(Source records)
(* Let $\mathbf{p}$ be a finite list of distinct predicate constants, and for each $p\in\mathbf{p}$ let $u_p$, $\widehat u_p$ be predicate variables of the same arity as $p$; let $\mathbf{u}$, $\widehat{\mathbf{u}}$ be the lists of these variables and $\neg\mathbf{p}$ the list of predicate expressions $\lambda\mathbf{x}\,\neg p(\mathbf{x})$ for $p\in\mathbf{p}$. Then the formula $(\mathbf{u},\widehat{\mathbf{u}})<(\mathbf{p},\neg\mathbf{p})$ is logically equivalent to $$\bigvee_{p\in\mathbf{p}}\Big(\big((\mathbf{u},\widehat{\mathbf{u}})\le(\mathbf{p},\neg\mathbf{p})\big)\land\exists\mathbf{x}\big(\neg u_p(\mathbf{x})\land\neg\widehat u_p(\mathbf{x})\big)\Big).$$
   Context: For predicates or predicate expressions $p,q$ of the same arity, $p\le q$ denotes $\forall\mathbf{x}(p(\mathbf{x})\to q(\mathbf{x}))$, where $\mathbf{x}$ is a tuple of distinct object variables. For tuples $\mathbf{p}=(p_1,\dots,p_n)$, $\mathbf{q}=(q_1,\dots,q_n)$, $\mathbf{p}\le\mathbf{q}$ denotes $(p_1\le q_1)\land\dots\land(p_n\le q_n)$ and $\mathbf{p}<\mathbf{q}$ denotes $(\mathbf{p}\le\mathbf{q})\land\neg(\mathbf{q}\le\mathbf{p})$. Here $(\mathbf{u},\widehat{\mathbf{u}})$ and $(\mathbf{p},\neg\mathbf{p})$ are concatenated tuples, with $\widehat u_p$ matched to $\lambda\mathbf{x}\neg p(\mathbf{x})$. *)

From mathcomp Require Import all_boot.
Set Implicit Arguments. Unset Strict Implicit. Unset Printing Implicit Defensive.

Definition pred_le (A : Type) (P Q : A -> Prop) : Prop := forall x, P x -> Q x.

Definition fam_le (J : Type) (A : J -> Type) (P Q : forall j, A j -> Prop) : Prop :=
  forall j, pred_le (P j) (Q j).
Definition fam_lt (J : Type) (A : J -> Type) (P Q : forall j, A j -> Prop) : Prop :=
  fam_le P Q /\ ~ fam_le Q P.

(* arities of the concatenated list (indices inl i: first half, inr i: second) *)
Definition arS (n : nat) (ar : 'I_n -> nat) (j : 'I_n + 'I_n) : nat :=
  match j with inl i => ar i | inr i => ar i end.

Definition concat (D : Type) (n : nat) (ar : 'I_n -> nat)
  (P Q : forall i : 'I_n, (ar i).-tuple D -> Prop) :
  forall j : 'I_n + 'I_n, (arS ar j).-tuple D -> Prop :=
  fun j => match j as j0 return (arS ar j0).-tuple D -> Prop with
           | inl i => P i | inr i => Q i end.

Definition negp (D : Type) (n : nat) (ar : 'I_n -> nat)
  (P : forall i : 'I_n, (ar i).-tuple D -> Prop) :
  forall i : 'I_n, (ar i).-tuple D -> Prop := fun i x => ~ P i x.

(** A strict inequality between predicate families means an inclusion together
    with a point of some component where the larger family holds and the
    smaller one fails.  For the family (p, ~p) bounding (u, uh), such a point
    is exactly a point where both u_p and uh_p fail: on one side, u_p <= p
    and uh_p <= ~p; on the other, whichever of p, ~p holds there witnesses
    the gap. *)
From Stdlib Require Import Classical.
From mathcomp Require Import all_boot.

Lemma fam_ltE (J : Type) (A : J -> Type) (P Q : forall j, A j -> Prop) :
  fam_lt P Q <-> fam_le P Q /\ exists j (x : A j), Q j x /\ ~ P j x.
Proof.
split=> [[PleQ QnleP] | [PleQ [j [x [Qx nPx]]]]].
- split=> //; apply: NNPP => no_gap; apply: QnleP => j x Qx.
  by apply: NNPP => nPx; apply: no_gap; exists j, x.
- by split=> // QleP; exact: nPx (QleP j x Qx).
Qed.

Lemma concat_negp_gapE {D : Type} {n : nat} {ar : 'I_n -> nat}
    {p u uh : forall i : 'I_n, (ar i).-tuple D -> Prop} :
  fam_le (concat u uh) (concat p (negp p)) ->
  (exists j (x : (arS ar j).-tuple D),
     concat p (negp p) (j:=j) x /\ ~ concat u uh (j:=j) x) <->
  exists i x, ~ u i x /\ ~ uh i x.
Proof.
move=> le_upn; split.
- move=> [[i|i] [x [/= pnx nux]]]; exists i, x; split=> //.
  + by move=> /(le_upn (inr i)).
  + by move=> /(le_upn (inl i)).
- move=> [i [x [nux nuhx]]].
  have [px | npx] := classic (p i x).
  + by exists (inl i), x.
  + by exists (inr i), x.
Qed.

Theorem lemma1 (D : Type) (n : nat) (ar : 'I_n -> nat)
  (p u uh : forall i : 'I_n, (ar i).-tuple D -> Prop) :
  fam_lt (concat u uh) (concat p (negp p)) <->
  exists i : 'I_n,
    fam_le (concat u uh) (concat p (negp p)) /\
    exists x : (ar i).-tuple D, ~ u i x /\ ~ uh i x.
Proof.
rewrite fam_ltE; split.
- move=> [le_upn /(concat_negp_gapE le_upn) [i [x gap]]].
  by exists i; split=> //; exists x.
- move=> [i [le_upn [x gap]]]; split=> //.
  by apply/(concat_negp_gapE le_upn); exists i, x.
Qed.
(* The x-gradient of the augmented Lagrangian at (x, u, y) is A^T applied to
   y + sigma (A x - u), and after an LADMP step this vector is exactly the
   extrapolation 2 y' - y of CP.  Moreau's decomposition turns the u-update,
   a prox of g with parameter 1/sigma, into the y-update of CP, a prox of g*
   with parameter sigma.  Since proximal points of convex functions are unique
   (the prox objective is strongly convex), the two iterations agree step by
   step, by induction on k. *)
From HB Require Import structures.
From mathcomp Require Import ssreflect ssrfun ssrbool eqtype ssrnat seq fintype bigop.
From Stdlib Require Import Reals Lra Psatz FunctionalExtensionality.
Open Scope R_scope.
Set Implicit Arguments. Unset Strict Implicit.

HB.instance Definition _ :=
  Monoid.isComLaw.Build R 0 Rplus (fun a b c => esym (Rplus_assoc a b c)) Rplus_comm Rplus_0_l.

Lemma big_Rmult_l n a (F : 'I_n -> R) :
  \big[Rplus/0]_(i < n) (a * F i) = a * \big[Rplus/0]_(i < n) F i.
Proof.
apply: (big_ind2 (fun u v => u = a * v)) => [|u1 v1 u2 v2 -> ->|i _]; ring.
Qed.

Lemma big_Rplus_ge0 n (P : pred 'I_n) (F : 'I_n -> R) :
  (forall i, P i -> 0 <= F i) -> 0 <= \big[Rplus/0]_(i < n | P i) F i.
Proof. by move=> F_ge0; apply: big_ind => //; [lra | move=> a b; lra]. Qed.
Lemma stratum_mono p q v : (p <= q)%O -> stratum p v -> stratum q v.
Proof.
move=> le_pq Hv; apply: Hv; first exact: submodule_gen.
by move=> _ [r le_rp ->]; apply: sub_gen; exists r => //; exact: le_trans le_pq.
Qed.

Lemma below_stratum_stage p c d :
  let y := generator (to_nat p) in
  below_sum lexlt stratum p (c *: y + d *: a y) -> stage (to_nat p) (c *: y + d *: a y).
Proof.
move=> y Hv; pose A : pred nat := fun m => (position m < p)%O.
have [n Hn] : exists n, stage_on A n (c *: y + d *: a y).
  have U : submodule a (fun v => exists n, stage_on A n v).
    apply: submodule_chain_union => [n | n v]; first exact: submodule_stage_on.
    exact: stage_on_step.
  apply: (Hv (fun v => exists n, stage_on A n v)); first exact: U.1.
  move=> x [q [lt_qp Hx]]; apply: (Hx (fun v => exists n, stage_on A n v)); first exact: U.
  move=> _ [r le_rq ->]; exists (to_nat r).+1 => /=.
  rewrite /A /position cancel_of_to (le_lt_trans le_rq lt_qp) /=.
  by apply: add_cyclic_self; case: (submodule_stage_on A (to_nat r)) => -[].
apply: (stage_on_meet _ Hn); first by rewrite /A /position cancel_of_to ltxx.
by apply: add_cyclicr; case: (submodule_stage (to_nat p)) => -[].
Qed.

Lemma stage_span_strata n v : stage n v -> Defs.span (fun x => exists p, stratum p x) v.
Proof.
have [S0 SD SZ] : subspace (Defs.span (fun x => exists p, stratum p x)).
  exact: subspace_span.
elim: n v => [|n IH] v /=; first by move=> ->.
have gn_stratum : stratum (position n) (generator n).
  by rewrite -[in generator n](cancel_to_of n); exact: stratum_generator.
move=> [w [c [d [Ww ->]]]]; apply: (SD); first apply: (SD).
- exact: IH.
- by apply: SZ; apply: sub_span; exists (position n).
- apply: SZ; apply: sub_span; exists (position n).
  by apply: (submodule_gen _ _).2.
Qed.

Lemma stratum_quotient_neq0 p : ~ below_sum lexlt stratum p (generator (to_nat p)).
Proof.
set y := generator (to_nat p) => Hb.
have Hy : stage (to_nat p) (1 *: y + 0 *: a y).
  by apply: below_stratum_stage; rewrite scale1r scale0r addr0.
have [/eqP one_eq0 _] := fresh_block (submodule_stage _) (good_choice_generator _).1 Hy.
by rewrite oner_eq0 in one_eq0.
Qed.

Lemma stratum_monogenous p v :
  stratum p v <->
  gen_submodule a (fun y => y = generator (to_nat p) \/ below_sum lexlt stratum p y) v.
Proof.
split=> Hv; apply: Hv; try exact: submodule_gen.
- move=> _ [q le_qp ->]; apply: sub_gen.
  move: le_qp; rewrite le_eqVlt => /orP[/eqP -> | lt_qp]; first by left.
  by right; apply: sub_span; exists q; split=> //; exact: stratum_generator.
- move=> y [-> | Hy]; first exact: stratum_generator.
  apply: Hy; first exact: (submodule_gen _ _).1.
  by move=> x [q [lt_qp Hx]]; apply: stratum_mono Hx; exact: ltW.
Qed.

Hypothesis e_span : forall v, Defs.span (fun x => exists i, x = e i) v.

Lemma strata_cover v : Defs.span (fun x => exists p, stratum p x) v.
Proof.
apply: (e_span v); first exact: subspace_span.
move=> _ [i ->]; set n := to_nat (i.+1, 0%N).
apply: (stage_span_strata (n := n.+1)).
by have [_] := good_choice_generator n; rewrite /position cancel_of_to.
Qed.

Lemma stratification_strata : stratification a lexlt stratum.
Proof.
split.
- exact: well_order_lexlt.
- by move=> p; exact: submodule_gen.
- by move=> p q lt_pq v; apply: stratum_mono; exact: ltW.
- split=> p; exists (generator (to_nat p)); split; try exact: stratum_generator.
  + exact: stratum_quotient_neq0.
  + by move=> v; exact: stratum_monogenous.
- exact: strata_cover.
Qed.

Lemma stratum_quot_dim_ge2 p : ~~ is_limit p -> quot_dim_ge2 lexlt stratum p.
Proof.
move=> p_not_limit; set y := generator (to_nat p).
exists y, (a y); split; first exact: stratum_generator.
  by apply: (submodule_gen _ _).2; exact: stratum_generator.
move=> c d /below_stratum_stage.
have [_] := good_choice_generator (to_nat p).
rewrite /position cancel_of_to (negbTE p_not_limit).
by move=> Way; exact: (indep_of_notin a_sq0 (submodule_stage _) Way).
Qed.
(* Let $X$ be a set of reals. Then $B(X)$ satisfies $S_{fin}(\mathcal{D},\mathcal{D})$ if and only if $X$ satisfies $S_{fin}(B_\Omega, B_\Omega)$.
   Context: $B(X)$ is the set of all real-valued Borel functions on $X$ with the topology of pointwise convergence. $S_{fin}(\mathcal{A},\mathcal{B})$ means: for every sequence $(A_n:n\in\mathbb{N})$ of elements of $\mathcal{A}$ there are finite sets $B_n\subseteq A_n$ with $\bigcup_n B_n\in\mathcal{B}$. For the space $B(X)$, $\mathcal{D}$ is the family of all countable dense subsets of $B(X)$. A cover $\mathcal{U}$ of $X$ is an $\omega$-cover if $X\notin\mathcal{U}$ and every finite subset of $X$ is contained in some member of $\mathcal{U}$; $B_\Omega$ is the family of all countable $\omega$-covers of $X$ consisting of Borel sets. *)

From HB Require Import structures.
From mathcomp Require Import all_boot all_order all_algebra.
From mathcomp Require Import all_classical all_reals all_analysis.
Unset Printing Implicit Defensive.
Import Order.TTheory GRing.Theory Num.Theory numFieldNormedType.Exports.
Local Open Scope classical_set_scope.

Section Defs.
Context {R : realType}.

Definition pts (X : set R) := {x : R | X x}.

Definition rel_open (X : set R) (A : set (pts X)) : Prop :=
  exists U : set R, open U /\ A = (@proj1_sig R X) @^-1` U.

Definition rel_borel (X : set R) (A : set (pts X)) : Prop :=
  <<s rel_open X >> A.

Definition borel_fun (X : set R) (f : pts X -> R) : Prop :=
  forall U : set R, open U -> rel_borel X (f @^-1` U).

Definition BX (X : set R) : set {ptws pts X -> R} :=
  [set f | borel_fun X (f : pts X -> R)].

(* The family D of countable dense subsets of B(X) (density taken in the
   subspace B(X) of R^X: D is contained in B(X) and B(X) lies in the
   closure of D). *)
Definition Dfam (X : set R) : set (set {ptws pts X -> R}) :=
  [set D | [/\ D `<=` BX X, countable D & BX X `<=` closure D]].

Definition omega_cover (X : set R) (U : set (set (pts X))) : Prop :=
  [/\ \bigcup_(V in U) V = setT, ~ U setT &
      forall F : set (pts X), finite_set F -> exists2 V, U V & F `<=` V].

Definition BOmega (X : set R) : set (set (set (pts X))) :=
  [set U | [/\ omega_cover X U, countable U & forall V, U V -> rel_borel X V]].

End Defs.

Definition Sfin {T : Type} (A B : set (set T)) : Prop :=
  forall An : nat -> set T, (forall n, A (An n)) ->
  exists Bn : nat -> set T,
    (forall n, finite_set (Bn n) /\ Bn n `<=` An n) /\ B (\bigcup_n Bn n).

From HB Require Import structures.
From mathcomp Require Import all_boot all_order all_algebra.
From mathcomp Require Import all_classical all_reals all_analysis.
From mathcomp Require Import lra.
Import Order.TTheory GRing.Theory Num.Theory numFieldNormedType.Exports.
Local Open Scope classical_set_scope.
Local Open Scope ring_scope.

(* B(X) carries the topology of pointwise convergence, so f lies in the
   closure of D iff for every finite F and every e > 0 some d in D is
   e-close to f on F.  Step functions with rational data form a countable
   family of Borel functions approximating every function on finite sets.
   Given S_fin(B_Omega, B_Omega), dense sets D_n and a step function g, the
   sets [x | |d x - g x| < e], d in D_n, are countable Borel omega-covers;
   selecting from them gives finite E_n in D_n whose union approximates g
   within e on every finite set.  Splitting N into infinitely many infinite
   pieces treats all pairs (g, e) at once, and the union is then dense.
   Conversely, a Borel omega-cover U yields the countable dense set of
   functions equal to a step function on some V in U and to 1 off V: a
   member 1-close to 0 on a finite F has its V containing F. *)

Lemma finite_set_ind {T : Type} (P : set T -> Prop) :
  P set0 -> (forall A x, finite_set A -> ~ A x -> P A -> P (x |` A)) ->
  forall A, finite_set A -> P A.
Proof.
move=> P0 PU A /finite_setP[n]; elim: n A => [A|n IH A /eq_cardSP[x Ax Anx]].
  by rewrite II0 card_eq0 => /eqP ->.
rewrite -(setD1K Ax); apply: PU; last exact: IH.
- by apply/finite_setP; exists n.
- by case=> _; apply.
Qed.

Lemma countable_image {T U : Type} (f : T -> U) (A : set T) :
  countable A -> countable (f @` A).
Proof. exact: card_le_trans (card_image_le f A). Qed.

Lemma finite_subset_image {T U : Type} {f : T -> U} {A : set T} {B : set U} :
  finite_set B -> B `<=` f @` A ->
  exists2 E, finite_set E /\ E `<=` A & f @` E = B.
Proof.
move: B; apply: finite_set_ind => [_|B y _ _ IH].
  by exists set0; [split=> //; exact: finite_set0|exact: image_set0].
rewrite subUset => -[/(_ y erefl)[x Ax <-] /IH[E [fE EA] <-]].
exists (x |` E); last by rewrite image_setU image_set1.
split; last by move=> z [->|/EA].
by rewrite finite_setU; split=> //; exact: finite_set1.
Qed.

Lemma patch_setE {T V : Type} (d f : T -> V) (A : set T) (P : T -> V -> Prop) :
  [set x | P x (patch d A f x)] =
  (A `&` [set x | P x (f x)]) `|` (~` A `&` [set x | P x (d x)]).
Proof.
apply/seteqP; split=> x; rewrite /patch /=.
  by case: ifPn => [/set_mem|]; [left|rewrite notin_setE; right].
by case=> -[Ax Px]; [rewrite mem_set|rewrite memNset].
Qed.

◆ TRY IT
From the data above, count the lines that contain "Unset" and write only that count.

◆ THE COMPLETED TASK
3